Meta changed its policies in 2024, partnering with Anduril to create VR combat training programs. Bosworth later said that “American national security benefits enormously from American industry bringing these technologies to life.”
Google, too, reversed its AI-weapons ban in February 2025, arguing that democracies must lead in AI innovation “before authoritarian regimes do.”
Frenkel underscores Anduril’s explosive growth. Founded by Palmer Luckey (creator of Oculus VR), the company secured a $642 million Marine Corps contract and raised $2.5 billion in June, reaching a valuation of $30.5 billion.
At an Andreessen Horowitz summit in March, the firm’s “American Dynamism” program spotlighted defense tech as essential to national survival. “Technological superiority is a requirement for a strong democracy,” declared General Partner David Ulevitch. Vice President JD Vance echoed, “We shouldn’t be fearful of productive new technologies. We should seek to dominate them.”
From battlefield to boardroom, and back
The formation of Detachment 201 represents a new hybrid: Silicon Valley leaders embedded within the US military. Sankar, Palantir’s CTO, helped form the unit and personally recruited Bosworth, Weil, and McGrew.
Billy Thalheimer, CEO of the defense startup Regent, told Frenkel that when he attended Y Combinator in 2021, “defense was stigmatized… crypto was king.” Now, Regent has raised over $100 million and secured Marine Corps contracts for its electric seagliders.
In Hayward, California, drone-maker Skydio scaled up production and now closes military deals in weeks. Its latest: a $74 million State Department contract for counternarcotics drones.
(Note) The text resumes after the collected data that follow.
Lemma is_derive_C_cexp_polar (phi : R -> C) (x : R) (d : C) :
  is_derive_C phi x d -> is_derive_C (fun t => cexp_polar (phi t)) x (d * cexp_polar (phi x))%C.
Proof.
  assert (Hpolar : forall (fr fi : R -> R) (dr di : R),
    is_derive fr x dr -> is_derive fi x di ->
    is_derive (fun t => exp (fr t) * cos (fi t)) x
      (dr * (exp (fr x) * cos (fi x)) - di * (exp (fr x) * sin (fi x))) /\
    is_derive (fun t => exp (fr t) * sin (fi t)) x
      (dr * (exp (fr x) * sin (fi x)) + di * (exp (fr x) * cos (fi x)))).
  { intros fr fi dr di Hr Hi.
    split; auto_derive; try (repeat split; eexists; eassumption);
      change (Derive (fun t => fr t) x) with (Derive fr x);
      change (Derive (fun t => fi t) x) with (Derive fi x);
      rewrite (is_derive_unique _ _ _ Hr), (is_derive_unique _ _ _ Hi); ring. }
  intros [Hr Hi]. destruct (Hpolar _ _ _ _ Hr Hi) as [Hc Hs].
  split; unfold cexp_polar; [rewrite re_mult | rewrite im_mult]; assumption.
Qed.

Lemma linear_ode_cexp_polar (Y phi d : R -> C) (r : R) :
  (forall t, Rabs t < r -> is_derive_C phi t (d t)) ->
  (forall t, Rabs t < r -> is_derive_C Y t (d t * Y t)%C) ->
  Y 0 = cexp_polar (phi 0) -> forall t, Rabs t < r -> Y t = cexp_polar (phi t).
Proof.
  intros Hphi HY H0 t Ht.
  (* Y exp(-phi) has derivative 0, so it keeps its value 1 at 0. *)
  assert (Hconst : forall s, Rabs s < r ->
            is_derive_C (fun t => Y t * cexp_polar (- phi t))%C s 0%C).
  { intros s Hs.
    pose proof (is_derive_C_mult _ _ s _ _ (HY s Hs)
                  (is_derive_C_cexp_polar _ s _ (is_derive_C_opp _ _ _ (Hphi s Hs)))) as H.
    replace (RtoC 0) with (d s * Y s * cexp_polar (- phi s)
                           + Y s * (- d s * cexp_polar (- phi s)))%C by ring.
    exact H. }
  pose proof (is_derive_C_zero_const _ r Hconst t Ht) as E. cbv beta in E.
  rewrite H0, (Cmult_comm (cexp_polar (phi 0))), cexp_polar_opp_mul in E.
  rewrite <- (Cmult_1_r (Y t)), <- (cexp_polar_opp_mul (phi t)), Cmult_assoc, E.
  apply Cmult_1_l.
Qed.

End ComplexDerivative.

Lemma cexp_polar_0 : cexp_polar 0 = 1.
Proof.
  unfold cexp_polar. simpl. rewrite exp_0, cos_0, sin_0.
  apply injective_projections; simpl; ring.
Qed.

Lemma is_derive_C_scal_RtoC (k : C) (f : R -> R) (t df : R) :
  is_derive f t df -> is_derive_C (fun s => k * RtoC (f s)) t (k * RtoC df).
Proof.
  intros Hf. split; [rewrite re_scal_r | rewrite im_scal_r].
  - apply is_derive_ext with (fun s => Re k * f s)%R; [intros s; symmetry; apply re_scal_r|].
    now apply is_derive_scal.
  - apply is_derive_ext with (fun s => Im k * f s)%R; [intros s; symmetry; apply im_scal_r|].
    now apply is_derive_scal.
Qed.

(** * The exponential *)

Definition exp_coeff (w : C) (n : nat) : C := pow_n w n / RtoC (INR (fact n)).

Lemma within_radius_exp_coeff (w : C) (x : R) : within_radius (exp_coeff w) x.
Proof.
  apply (within_radius_of_bound _ (fun n => / INR (fact n) * Cmod w ^ n)%R x (Rabs x + 1));
    [lra | |].
  - intros n. unfold exp_coeff.
    rewrite Cmod_div by apply RtoC_neq_0, INR_fact_neq_0.
    rewrite Cmod_pow_n, Cmod_R, Rabs_pos_eq by apply pos_INR.
    right. unfold Rdiv. apply Rmult_comm.
  - eexists. eapply is_series_ext;
      [|apply (proj1 (is_pseries_R _ _ _) (is_exp_Reals (Cmod w * (Rabs x + 1))))].
    intros n. simpl. rewrite Rpow_mult_distr. ring.
Qed.

Lemma PS_derive_C_exp_coeff (w : C) (n : nat) : PS_derive_C (exp_coeff w) n = w * exp_coeff w n.
Proof.
  unfold PS_derive_C, exp_coeff. change (pow_n w (S n)) with (w * pow_n w n).
  rewrite fact_simpl, mult_INR, RtoC_mult.
  field. split; apply RtoC_neq_0; [apply INR_fact_neq_0 | apply not_0_INR; lia].
Qed.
As Sheera Frenkel writes, “The wall between Silicon Valley and the Pentagon has crumbled.” With the tech industry now openly fueling US military power with AI-driven weapons, surveillance tools, and battlefield training systems, it has become clear that their long-claimed anti-war ideals have been false.
Some call it a "patriotic duty". Others call it profit. Either way, the tech world’s shift is undeniable, and it may be just the beginning.